Hence, in given linear equation, **the value of x is -5**.

**Example 04**

Solve the below linear equation.

\mathtt{\frac{4x-3}{5} \ -6x\ =\ \frac{2x}{5}}

**Solution**

First simplify the left side of equation.

\mathtt{\frac{4x-3-30x}{5} =\ \frac{2x}{5}}

Since both side of equation contain same denominator, we can cancel out each of them.

\mathtt{\frac{4x-3-30x}{\cancel{5}} =\ \frac{2x}{\cancel{5}}}\\\ \\ \mathtt{4x\ -3-30x\ =\ 2x}

Separate variables on left side and constant on right side.**Move 2x to the left and 3 to the right**.

4x – 3 – 30x = 2x

4x – 30x – 2x = 3

-28x = 3

**Move -28 towards right.**

Multiplication will convert into division.

x = – 3 / 28

Hence, for given linear equation, the **value of x is -3 / 28.**

**Example 05**

4(3x + 3) – 5( 4 – 7x ) = 2(x + 2) + 5( x + 9)

**Solution**

Simplify the equation.

Remove the brackets and convert into multiplication.

4.3x + 4.3 – 5.4 + 5.7x = 2.x + 2.2 + 5.x + 5.9

12x + 12 – 20 + 35x = 2x + 4 + 5x + 45

12x + 35x + 12 – 20 = 2x + 5x + 4 + 45

47x – 8 = 7x + 49

Separate variable x on left and constants on right.**Move 8 towards right**.**Move 7x towards left.**

47x – 8 = 7x + 49

47x – 7x = 49 + 8

40x = 57**Move 40 towards right.**

Multiplication will convert into division.

40x = 57

x = 57 / 40

Hence, **the value of x is 57 / 40** for the given algebraic expression.

**Example 06**

Solve the below algebraic expression.

\mathtt{\frac{x}{2} -\frac{x}{5} =\ 2x-\ 9}

**Solution**

First simplify the expression.

\mathtt{\frac{x}{2} -\frac{x}{5} =\ 2x-\ 9}\\\ \\ \mathtt{\frac{5x-2x}{10} =\ 2x\ -\ 9}\\\ \\ \mathtt{\frac{3x}{10} =\ 2x\ -\ 9}

**Cross multiply the denominator 10 to the right side**.
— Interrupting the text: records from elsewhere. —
Lemma latest_witness (T : eqType) (s : seq T) (P : T -> nat -> Prop) :
  s != [::] -> (forall w, w \in s -> exists K, P w K) ->
  exists K, (exists2 w, w \in s & P w K) /\
            forall w, w \in s -> exists2 K', K' <= K & P w K'.
Proof.
elim: s => [|w s IH] // _ ex.
have [Kw Pw] := ex w (mem_head _ _).
have [->|s0] := eqVneq s [::].
  by exists Kw; split=> [|w']; [exists w; rewrite ?inE | rewrite inE => /eqP ->; exists Kw].
have [|K [[w' w's Pw'] late]] := IH s0; first by move=> w' w's; apply: ex; rewrite inE w's orbT.
have [KwK|KKw] := leqP Kw K.
  exists K; split; first by exists w'; rewrite // inE w's orbT.
  by move=> v; rewrite inE => /predU1P[->|/late //]; exists Kw.
exists Kw; split; first by exists w; rewrite ?mem_head.
move=> v; rewrite inE => /predU1P[->|/late [K' K'K Pv]]; first by exists Kw.
by exists K'; rewrite // (leq_trans K'K (ltnW KKw)).
Qed.

Section Handlers.
Variables (n t : nat) (M : eqType).
Implicit Types (st : lstate n M) (b : bundle n M) (tr : triplet n M) (z : sig n M).

Definition triplet_of b : triplet n M := (b_m b, b_sn b, b_j b).

Definition sub_lstate st st' := [/\ {subset saved st <= saved st'},
  {subset mysigs st <= mysigs st'} & {subset deliv st <= deliv st'}].

Lemma sub_lstate_refl st : sub_lstate st st.
Proof. by split. Qed.

Lemma sub_lstate_trans st1 st2 st3 :
  sub_lstate st1 st2 -> sub_lstate st2 st3 -> sub_lstate st1 st3.
Proof. by move=> [? ? ?] [? ? ?]; split=> z; auto. Qed.

Lemma mem_savedFor st tr z : (z \in savedFor st tr) = (z \in saved st) && (z.2 == tr).
Proof. by rewrite mem_undup mem_filter andbC. Qed.

Lemma handle_sub x st e : sub_lstate st (handle t x st e).1.1.
Proof.
case: e => [|i m sn|i b s] /=; first exact: sub_lstate_refl.
  by split=> z /=; rewrite ?inE => ->; rewrite ?orbT.
rewrite /on_receive; case: ifP => _; last exact: sub_lstate_refl.
case: (~~ has_signed_slot _ _ _) => /=; case: ifP => _ /=;
  by split=> z /= hz; rewrite ?inE ?mem_cat ?hz ?orbT.
Qed.

Lemma handle_broadcast_saved x st e q b :
  onth (handle t x st e).1.2 q = Some b -> {subset b_sigs b <= saved (handle t x st e).1.1}.
Proof.
case: e => [|i m sn|i b' s] /=; first by rewrite onth0n.
  by case: q => [|q] /=; [case=> <- z; rewrite mem_savedFor => /andP[] | rewrite onth0n].
rewrite /on_receive; case: ifP => _; last by rewrite onth0n.
case: (~~ has_signed_slot _ _ _) => /=; case: ifP => _ /=;
  by case: q => [|[|q]] /=; rewrite ?onth0n //; case=> <- z; rewrite mem_savedFor => /andP[].
Qed.

Section OnReceive.
Variables (x : 'I_n) (st : lstate n M) (b : bundle n M).
Let r := on_receive t x st b.

Lemma on_receive_saved z : z \in saved r.1.1 ->
  [\/ z \in saved st, z \in b_sigs b | z = (x, triplet_of b) /\ triplet_of b \in mysigs r.1.1].
Proof.
rewrite /r /on_receive; case: ifP => _; last by constructor 1.
case: (~~ has_signed_slot _ _ _) => /=; case: ifP => _ /=; rewrite ?inE ?mem_cat ?mem_filter.
all: first [move=> /or3P[/eqP->|h|/andP[_ h]] | move=> /orP[h|/andP[_ h]]];
  by [constructor 1 | constructor 2 | constructor 3; rewrite /triplet_of eqxx].
Qed.
Lemma perron_sup_subsolution : is_subsolution l perron_sup.
Proof.
have le_data x : perron_sup x <= l x * D.
  rewrite -[perron_sup x]mulr1; apply: perron_sup_mul_le => // z hz.
  by rewrite mulr1; exact: subsolution_le_data.
have [l0 lsmall] := (einf0P l).1 linf.
apply/is_subsolutionP; split=> [x e e0|x|e e0|x].
- have [z hz zx] := perron_sup_adherent x (divr_gt0 e0 (ltr0Sn _ 1)).
  have [r r0 hr] := hz.1 x (e / 2) (divr_gt0 e0 (ltr0Sn _ 1)).
  by exists r => // y /hr zy; have := le_perron_sup y hz; lra.
- have hu := solution_is_subsolution hu0.
  exact: le_trans (subsolution_ge0 x hu) (le_perron_sup x hu).
- have D1 : 0 < `|D| + 1 by rewrite ltr_wpDl ?normr_ge0.
  have [y] := lsmall (e / (`|D| + 1)) (divr_gt0 e0 D1).
  rewrite ltr_pdivlMr // => ly; exists y; apply: le_lt_trans (le_data y) _.
  have : l y * D <= l y * `|D| by rewrite ler_wpM2l ?ler_norm.
  have := l0 y; nra.
- split.
    rewrite mulrC; apply: perron_sup_mul_le => // z /is_subsolutionP[_ _ _ /(_ x)[+ _]].
    by rewrite mulrC.
  move=> y; have dxy := metric_ge0 dm x y; have lamd := mulr_ge0 lam0 dxy.
  (* The slope inequality is affine in [z x], hence passes to the supremum. *)
  suff : perron_sup x * (1 + lam * d x y) <= perron_sup y + l x * d x y by nra.
  apply: perron_sup_mul_le => [|z hz]; first lra.
  have := le_perron_sup y hz; case/is_subsolutionP: hz => _ _ _ /(_ x)[_ /(_ y)].
  nra.
Qed.

Lemma perron_sup_solution : is_solution d lam l perron_sup.
Proof.
have hU := perron_sup_subsolution; case: (hU) => lU [Uinf _].
split=> //; split=> // x.
have [_ U0 _ /(_ x)[lUx hUx]] := (is_subsolutionP l perron_sup).1 hU.
have Gle : (global_slope d perron_sup x <= (l x - lam * perron_sup x)%:E)%E.
  by apply/(global_slope_leP dm) => //; lra.
suff Gge : ((l x - lam * perron_sup x)%:E <= global_slope d perron_sup x)%E.
  have -> : global_slope d perron_sup x = (l x - lam * perron_sup x)%:E.
    by apply/le_anti; rewrite Gle Gge.
  by rewrite -EFinD addrCA subrr addr0.
rewrite leNgt; apply/negP; have := global_slope_ge0 d perron_sup x.
have := global_slope_leP dm perron_sup x.
case: (global_slope d perron_sup x) => [g| |] //= slopeP.
rewrite lee_fin lte_fin => g0 gl.
have /slopeP hg : (g%:E <= g%:E)%E by [].
case: (ltP 0 (perron_sup x)) => [Ux_gt0|Ux_le0].
  have gl' : g + lam * perron_sup x < l x by lra.
  have [Z hZ UZ] := subsolution_bump lscl hU Ux_gt0 g0 (hg g0) gl'.
  by have := le_perron_sup x hZ; lra.
have Ux0 : perron_sup x = 0 by apply/le_anti; rewrite Ux_le0 U0.
have u0x : u0 x = 0.
  have hu := solution_is_subsolution hu0.
  by apply/le_anti; rewrite -{1}Ux0 le_perron_sup // (subsolution_ge0 _ hu).
by move: gl; rewrite (solution_data_eq0 hu0 u0x) Ux0 mulr0; lra.
Qed.

End PerronEnvelope.

Lemma perron_solution_ge_subsolution (l u w : T -> R) : lsc d l -> einf l = 0%E ->
  is_perron_solution d lam l u -> is_subsolution l w -> forall x, w x <= u x.
Proof.
move=> lscl linf [hu umax] hw x.
exact: le_trans (le_perron_sup hu x hw) (umax _ (perron_sup_solution lscl linf hu) x).
Qed.

Lemma rescaled_subsolution (k l v : T -> R) (rho m : R) : 0 < rho -> 0 <= m ->
  (forall x, 0 <= l x) -> (forall x, k x - l x <= m) -> is_subsolution k v ->
  is_subsolution l (fun y => Num.max 0 (rho / (rho + m) * v y - rho * D)).
Proof.
move=> rho0 m0 l0 klm hv; have a0 : 0 < rho / (rho + m) by rewrite divr_gt0 ?ltr_wpDr.
have [lv _ vsmall hvx] := (is_subsolutionP k v).1 hv.
apply/is_subsolutionP; split=> [|y|e e0|x].
- apply: lsc_max (lipschitz_lsc dm (lexx 0) _) (lsc_affine _ a0 lv).
  by move=> *; rewrite subrr mul0r.
- by rewrite le_max lexx.
- have [y] := vsmall _ (divr_gt0 e0 a0); rewrite ltr_pdivlMr // mulrC => vy.
  have D0 : 0 <= D by have := hD y y; rewrite (metric_xx dm).
  by exists y; rewrite gt_max e0 /=; have := mulr_ge0 (ltW rho0) D0; lra.
- apply: subsolution_at_max => [_|pos].
    split=> [|y]; first by rewrite mulr0.
    by rewrite subrr mulr0 subr0 mulr_ge0 ?metric_ge0.
  have D0 : 0 <= D by have := hD x x; rewrite (metric_xx dm).
  apply: subsolution_at_scale (hvx x) => //; first by rewrite mulr_ge0 // ltW.
  by apply: rescaled_data_le (klm x) (subsolution_le_data x hv) _ => //; lra.
Qed.

Lemma perron_solution_stability (l k u v : T -> R) (rho m : R) x :
  lsc d l -> einf l = 0%E -> (forall y, 0 <= l y) -> (forall y, k y - l y <= m) ->
  is_perron_solution d lam l u -> is_subsolution k v -> 0 < rho -> 0 <= m ->
  v x - u x <= (rho + m) * D + m * (u x / rho).
Proof.
move=> lscl linf l0 klm hu hv rho0 m0; have rm : 0 < rho + m by lra.
have hw := rescaled_subsolution rho0 m0 l0 klm hv.
have := perron_solution_ge_subsolution lscl linf hu hw x.
rewrite ge_max => /andP[_ /(ler_wpM2r (ltW rm))].
rewrite mulrBl mulrAC mulfVK ?gt_eqF // => hvu.
have uK : u x / rho * rho = u x by rewrite mulfVK ?gt_eqF.
rewrite -(ler_pM2r rho0); nra.
Qed.

End Subsolutions.

Lemma ereal_sup_EFin_image (R : realType) (I : Type) (F : I -> R) (i : I) :
  (ereal_sup [set (F j)%:E | j in [set: I]] < +oo)%E ->
  exists2 M, ereal_sup [set (F j)%:E | j in [set: I]] = M%:E & forall j, F j <= M.
Proof.
have ub j : ((F j)%:E <= ereal_sup [set (F j)%:E | j in [set: I]])%E.
  by apply: ereal_sup_ubound; exists j.
move: ub; case: (ereal_sup _) => [M| |] // ub _; last by have := ub i.
by exists M => // j; rewrite -lee_fin.
Qed.

Lemma diam_EFin (R : realType) (T : Type) (d : T -> T -> R) (x : T) :
  (diam d < +oo)%E -> exists2 D, diam d = D%:E & forall y z, d y z <= D.
Proof.
move=> /(ereal_sup_EFin_image (F := fun p : T * T => d p.1 p.2) (x, x))[D DE hD].
by exists D => // y z; exact: (hD (y, z)).
Qed.

Lemma sup_norm_EFin (R : realType) (T : Type) (f : T -> R) (x : T) :
  (sup_norm f < +oo)%E -> exists2 m, sup_norm f = m%:E & forall y, `|f y| <= m.
Proof. exact: ereal_sup_EFin_image. Qed.

Theorem lemma5p3 (R : realType) (T : Type) (d : T -> T -> R)
  (lam : R) (l k u v : T -> R) :
  is_metric d ->
  (diam d < +oo)%E ->
  0 <= lam ->
  (forall x, 0 <= l x) -> (forall x, 0 <= k x) ->
  lsc d l -> lsc d k ->
  einf l = 0%E -> einf k = 0%E ->
  is_perron_solution d lam l u ->
  is_perron_solution d lam k v ->
  forall rho : R, 0 < rho ->
  forall x : T,
    ((v x - u x)%R%:E <=
      (rho%:E + sup_norm (fun y => (k y - l y)%R)) * diam d
      + sup_norm (fun y => (k y - l y)%R) * (u x / rho)%R%:E)%E.
Proof.
move=> dm hdiam lam0 l0 _ lscl _ linf _ hu hv rho rho0 x.
have [D diamE hD] := diam_EFin x hdiam.
have hu' := solution_is_subsolution hu.1; have hv' := solution_is_subsolution hv.1.
have [->|] := eqVneq (sup_norm (fun y => k y - l y)) +oo%E; last first.
  rewrite -ltey => /(sup_norm_EFin x)[m -> hm].
  rewrite diamE -EFinD lee_fin.
  apply: (perron_solution_stability dm lam0 hD x lscl linf l0 _ hu hv' rho0).
    by move=> y; exact: ler_normlW.
  exact: le_trans (normr_ge0 _) (hm x).
(* An infinite norm makes the bound +oo unless D = 0, where every subsolution
   vanishes and +oo * 0 = 0. *)
rewrite diamE; have [D_gt0|D_le0] := ltP 0 D.
  rewrite addey // gt0_mulye ?lte_fin // addye ?leey // -ltNye.
  apply: lt_le_trans ltNy0 _; rewrite mule_ge0 // lee_fin divr_ge0 ?(ltW rho0) //.
  by have := subsolution_ge0 dm x hu'.
have D_eq0 : D = 0 by apply/le_anti; rewrite D_le0 -(metric_xx dm x) hD.
have vanish := subsolution_eq0 dm lam0 hD x D_le0.
by rewrite (vanish _ _ hu') (vanish _ _ hv') D_eq0 subrr mul0r !mule0 adde0.
Qed.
\mathtt{3x\ =\ 10\ ( 2x\ -\ 9)}\\\ \\ \mathtt{3x\ =\ 20x\ -90}

**Move 20x towards left.**

3x – 20x = -90

-17x = -90**Take -17 into right side of equation**.

The multiplication will convert into division.

x = -90 / -17

x = 90 / 17

Hence for given algebraic expression **the value of x is 90 / 17**.